What is Housing First?
Housing First provides a comprehensive and holistic approach to addressing homelessness for people experiencing mental health, physical health, substance misuse, social, behavioural, and other challenges. The programme consists of three major components:
- Permanent, affordable housing;
- Mobile case management and treatment services (mental health, health, and addiction services); and
- A programme philosophy based on client choice and recovery.
Ireland’s national Housing First programme is based on the Pathways Housing First programme, which is the model that has produced the research evidence for the effectiveness of Housing First.
The 'Housing First National Implementation Plan 2022 - 2026' provides for the creation of 1,319 additional tenancies over the period of 2022 - 2026. This represents an average of 264 new tenancies per year, with specific regional targets now included. These targets are based on an analysis of need, which involved all key stakeholders and was supported by The Housing Agency.
The ‘Housing First National Implementation Plan 2018-2021’ launched by the Minister for Housing, Planning and Local Government and the Minister for Health in 2018, describes how the Government’s goal to extend Housing First to every county in Ireland is to be delivered. This plan specifies the number of Housing First tenancies for each local authority to achieve by the end of 2021. The post of National Director of Housing First was established in early 2018 to drive national implementation; and a Housing First National Implementation Committee oversees delivery nationwide.
“The key successes I’ve had would be finally moving from the hostel into my new apartment. Getting back in touch with my family; getting more support to reduce my drinking and most recently finally addressing my health concerns.”
- Housing First Tenant
Why Housing First?
Housing First provides an effective solution for individuals who have repeatedly tried and failed to exit homelessness, who have given up on the treatment-then- housing ‘staircase’ approach, or who have been given up on by systems that regard them as ‘treatment resistant’, ‘hard to reach’, ‘not housing ready’, or ‘homeless / rough sleeping by choice’.
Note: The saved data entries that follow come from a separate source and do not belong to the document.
(* Consider feature importance schemes, i.e. rules $I$ that assign to every finite feature set $F$ and every evaluation function $\nu$ on $F$ a function $I_\nu : F \to \mathbb{R}_{\ge 0}$. Consider the following three properties of a scheme $I$: 1. (Marginal contribution) For every $F$, every evaluation function $\nu$ on $F$ and every $f\in F$: $I_\nu(f) \ge \nu(F) - \nu(F\setminus\{f\})$. 2. (Elimination) For every $F$, every evaluation function $\nu$ on $F$, every $T\subseteq F$, and every $f \in F\setminus T$: $I_\nu(f) \ge I_{\nu'}(f)$, where $(F',\nu')$ is the result of eliminating $T$ from $(F,\nu)$. 3. (Minimalism) For every scheme $J$ satisfying properties 1 and 2, and for every $F$, every evaluation function $\nu$ on $F$ and every $f\in F$: $I_\nu(f) \le J_\nu(f)$. Then the scheme $$I_\nu(f) = \max_{S \subseteq F} \Delta(f,S,\nu)$$ satisfies properties 1, 2 and 3, and it is the only scheme satisfying all three properties.
   Context: A feature set $F$ is a finite set. An evaluation function on $F$ is a function $\nu : 2^F \to \mathbb{R}_{\ge 0}$ assigning a value to each subset of $F$, with $\nu(\emptyset)=0$. For $f\in F$ and $S\subseteq F$, the marginal gain is $\Delta(f,S,\nu) = \nu(S\cup\{f\}) - \nu(S)$. Eliminating a set $T\subseteq F$ from $(F,\nu)$ produces the feature set $F' = F\setminus T$ and the evaluation function $\nu'$ on $F'$ defined by $\nu'(S) = \nu(S)$ for all $S\subseteq F'$. The function $I_\nu(f)=\max_{S\subseteq F}\Delta(f,S,\nu)$ is called the Marginal Contribution Feature Importance (MCI). *)

From mathcomp Require Import all_boot all_order all_algebra.
Unset Printing Implicit Defensive.
Import Order.TTheory GRing.Theory Num.Theory.
Local Open Scope ring_scope.

Section MCI.
Variable R : realFieldType.

(* A finite feature set F is modelled as a finite type T (F = all of T);
   an evaluation function is a map on subsets {set T} -> R that is
   nonnegative and vanishes on the empty set. *)
Definition is_eval (T : finType) (nu : {set T} -> R) : Prop :=
  nu set0 = 0 /\ forall S : {set T}, 0 <= nu S.

Definition Delta (T : finType) (f : T) (S : {set T}) (nu : {set T} -> R) : R :=
  nu (f |: S) - nu S.

Definition Scheme := forall T : finType, ({set T} -> R) -> T -> R.

Definition is_scheme (I : Scheme) : Prop :=
  forall (T : finType) (nu : {set T} -> R), is_eval T nu ->
    forall f : T, 0 <= I T nu f.

Definition elim_set (T : finType) (A : {set T}) : finType :=
  {x : T | x \notin A}.

Definition elim_eval (T : finType) (A : {set T}) (nu : {set T} -> R)
  : {set elim_set T A} -> R :=
  fun S => nu [set val x | x in S].

Definition marginal_prop (I : Scheme) : Prop :=
  forall (T : finType) (nu : {set T} -> R), is_eval T nu ->
    forall f : T, nu [set: T] - nu ([set: T] :\ f) <= I T nu f.

Definition elimination_prop (I : Scheme) : Prop :=
  forall (T : finType) (nu : {set T} -> R), is_eval T nu ->
    forall (A : {set T}) (f : elim_set T A),
      I (elim_set T A) (@elim_eval T A nu) f <= I T nu (val f).

Definition minimal_prop (I : Scheme) : Prop :=
  forall J : Scheme, is_scheme J -> marginal_prop J -> elimination_prop J ->
    forall (T : finType) (nu : {set T} -> R), is_eval T nu ->
      forall f : T, I T nu f <= J T nu f.

(* Marginal Contribution Feature Importance: max over S of Delta(f,S,nu).
   (The fold starts from 0; this is harmless since Delta(f,S,nu) = 0 for
   any S containing f, so the maximum is >= 0 anyway.) *)
Definition MCI : Scheme :=
  fun T nu f => \big[Num.max/0]_(S : {set T}) Delta T f S nu.

End MCI.

From mathcomp Require Import all_boot all_order all_algebra.
Import Order.TTheory GRing.Theory Num.Theory.
Set Implicit Arguments.
Unset Strict Implicit.
Local Open Scope ring_scope.

(* Properties 1 and 2 for MCI are
   direct: the full-set marginal contribution is the gain at S = F \ {f},
   and every gain in an eliminated game F' = F \ A is a gain in the
   original game, since nu' S = nu S.  Let J satisfy properties 1
   and 2 and fix S.  If f is in S the gain is 0 <= J.  Otherwise eliminate
   A = complement of (S + {f}): in the resulting game the full-set marginal
   contribution of f is exactly Delta f S nu, so property 1 for the
   eliminated game and property 2 give Delta f S nu <= J T nu f; hence
   MCI <= J.  Uniqueness follows by antisymmetry: a minimal J is below MCI
   (which satisfies 1 and 2), and MCI is below any J satisfying 1 and 2.
   The file first collects facts on 0-started maxima, then on elimination,
   then the four properties of MCI, and finally the theorem. *)

Section BigMax0.
Variable R : realDomainType.

Lemma bigmax0_ge0 (I : finType) (F : I -> R) : 0 <= \big[Num.max/0]_(i : I) F i.
Proof. by elim/big_rec: _ => // i x _ x_ge0; rewrite le_max x_ge0 orbT. Qed.

Lemma bigmax0_ge (I : finType) (F : I -> R) (j : I) :
  F j <= \big[Num.max/0]_(i : I) F i.
Proof. by rewrite (bigD1 j) //= le_max lexx. Qed.

Lemma bigmax0_le (I : finType) (F : I -> R) (c : R) :
  0 <= c -> (forall i, F i <= c) -> \big[Num.max/0]_(i : I) F i <= c.
Proof. by move=> c_ge0 F_le; elim/big_rec: _ => // i x _ x_le; rewrite ge_max F_le. Qed.

End BigMax0.

Section Elimination.
Variables (T : finType) (A : {set T}).

Lemma val_imset_setT : [set val x | x in [set: elim_set T A]] = ~: A.
Proof.
apply/setP=> x; rewrite inE; apply/imsetP/idP => [[y _ ->]|xA].
  exact: (valP y).
by exists (exist _ x xA : elim_set T A).
Qed.

Lemma val_imset_setTD1 (y : elim_set T A) :
  [set val x | x in [set: elim_set T A] :\ y] = ~: A :\ val y.
Proof.
apply/setP=> x; rewrite !inE; apply/imsetP/andP => [[z]|[x_y xA]].
  rewrite !inE andbT => z_y ->; split; last exact: (valP z).
  by apply: contra z_y => /eqP/val_inj ->.
exists (exist _ x xA : elim_set T A) => //.
by rewrite !inE andbT; apply: contra x_y => /eqP <-.
Qed.

Variable R : realFieldType.

Lemma elim_eval_is_eval (nu : {set T} -> R) :
  is_eval R T nu -> is_eval R (elim_set T A) (elim_eval R T A nu).
Proof. by case=> nu0 nu_ge0; split; rewrite /elim_eval ?imset0. Qed.

Lemma Delta_elim (nu : {set T} -> R) (f : elim_set T A) (S : {set elim_set T A}) :
  Delta R _ f S (elim_eval R T A nu) = Delta R T (val f) [set val x | x in S] nu.
Proof. by rewrite /Delta /elim_eval imsetU1. Qed.

End Elimination.

Section MarginalGain.
Variables (R : realFieldType) (T : finType).

Lemma Delta_mem (nu : {set T} -> R) (f : T) (S : {set T}) :
  f \in S -> Delta R T f S nu = 0.
Proof. by move=> fS; rewrite /Delta (setUidPr _) ?sub1set // subrr. Qed.

Lemma survives_elim (f : T) (S : {set T}) : f \notin ~: (f |: S).
Proof. by rewrite !inE negbK eqxx. Qed.

Lemma Delta_as_elim_marginal (nu : {set T} -> R) (f : T) (S : {set T}) :
  f \notin S ->
  let nu' := elim_eval R T (~: (f |: S)) nu in
  let f' := exist _ f (survives_elim f S) : elim_set T (~: (f |: S)) in
  Delta R T f S nu = nu' [set: _] - nu' ([set: _] :\ f').
Proof.
by move=> fS /=; rewrite /elim_eval val_imset_setT val_imset_setTD1 /= setCK setU1K.
Qed.

End MarginalGain.

Section MCIProperties.
Variable R : realFieldType.

Lemma MCI_is_scheme : is_scheme R (MCI R).
Proof. by move=> T nu _ f; apply: bigmax0_ge0. Qed.

Lemma MCI_marginal : marginal_prop R (MCI R).
Proof.
move=> T nu _ f; apply: (le_trans _ (bigmax0_ge _ (setT :\ f))).
by rewrite /Delta setD1K ?inE.
Qed.

Lemma MCI_elimination : elimination_prop R (MCI R).
Proof.
move=> T nu _ A f; apply: bigmax0_le; first exact: bigmax0_ge0.
by move=> S; rewrite Delta_elim; apply: bigmax0_ge.
Qed.

Lemma MCI_le_scheme (J : Scheme R) :
  is_scheme R J -> marginal_prop R J -> elimination_prop R J ->
  forall (T : finType) (nu : {set T} -> R), is_eval R T nu ->
    forall f : T, MCI R T nu f <= J T nu f.
Proof.
move=> J_ge0 J_marg J_elim T nu nu_eval f.
apply: bigmax0_le => [|S]; first exact: J_ge0.
have [fS|fS] := boolP (f \in S); first by rewrite Delta_mem ?J_ge0.
rewrite (Delta_as_elim_marginal nu fS) /=.
apply: (le_trans _ (J_elim _ _ nu_eval _ (exist _ f (survives_elim f S)))).
exact/J_marg/elim_eval_is_eval.
Qed.

Lemma MCI_minimal : minimal_prop R (MCI R).
Proof. exact: MCI_le_scheme. Qed.

End MCIProperties.

Theorem theorem1 (R : realFieldType) :
  [/\ is_scheme R (MCI R), marginal_prop R (MCI R), elimination_prop R (MCI R),
      minimal_prop R (MCI R) &
      forall J : Scheme R,
        is_scheme R J -> marginal_prop R J -> elimination_prop R J -> minimal_prop R J ->
        forall (T : finType) (nu : {set T} -> R), is_eval R T nu ->
          forall f : T, J T nu f = MCI R T nu f].
Proof.
split; [exact: MCI_is_scheme | exact: MCI_marginal | exact: MCI_elimination
       | exact: MCI_minimal | ].
move=> J J_ge0 J_marg J_elim J_min T nu nu_eval f.
apply: le_anti; rewrite MCI_le_scheme // andbT.
by apply: J_min => //; [exact: MCI_is_scheme | exact: MCI_marginal | exact: MCI_elimination].
Qed.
Housing First successfully engages these individuals by offering and providing immediate access to an apartment of their own, as well as access to person-centred, community-based, recovery-oriented visiting supports.
By providing a person with a home, Housing First offers dignity and ignites hope in individuals who have often been treated in an undignified manner, who have remained homeless and who have felt hopeless for years. The transformation of moving out of homelessness into a home of one’s own begins a process of physical and psychological healing and instantly changes that person’s social status from an outcast on the streets to a member of a community.
“I could not be happier and that’s the gospel truth. Staff keyworkers have helped me amazingly, they are always there to have my back which is a great thing to know. I did not think I would be able to live on my own because I never had to live on my own, but I am doing fine.”
- Housing First Tenant
Purpose of the Housing First Manual
The aim of the Housing First manual is to define, and support implementation of, a core set of principles and practices to create well-organised, multi-agency Housing First team structures that collaborate to provide housing and support services which aid recovery and community integration for the programme’s participants. The expectation is that Housing First services across Ireland will adhere to the principles and practices of Housing First internationally – to provide a uniform quality of supports across all regions.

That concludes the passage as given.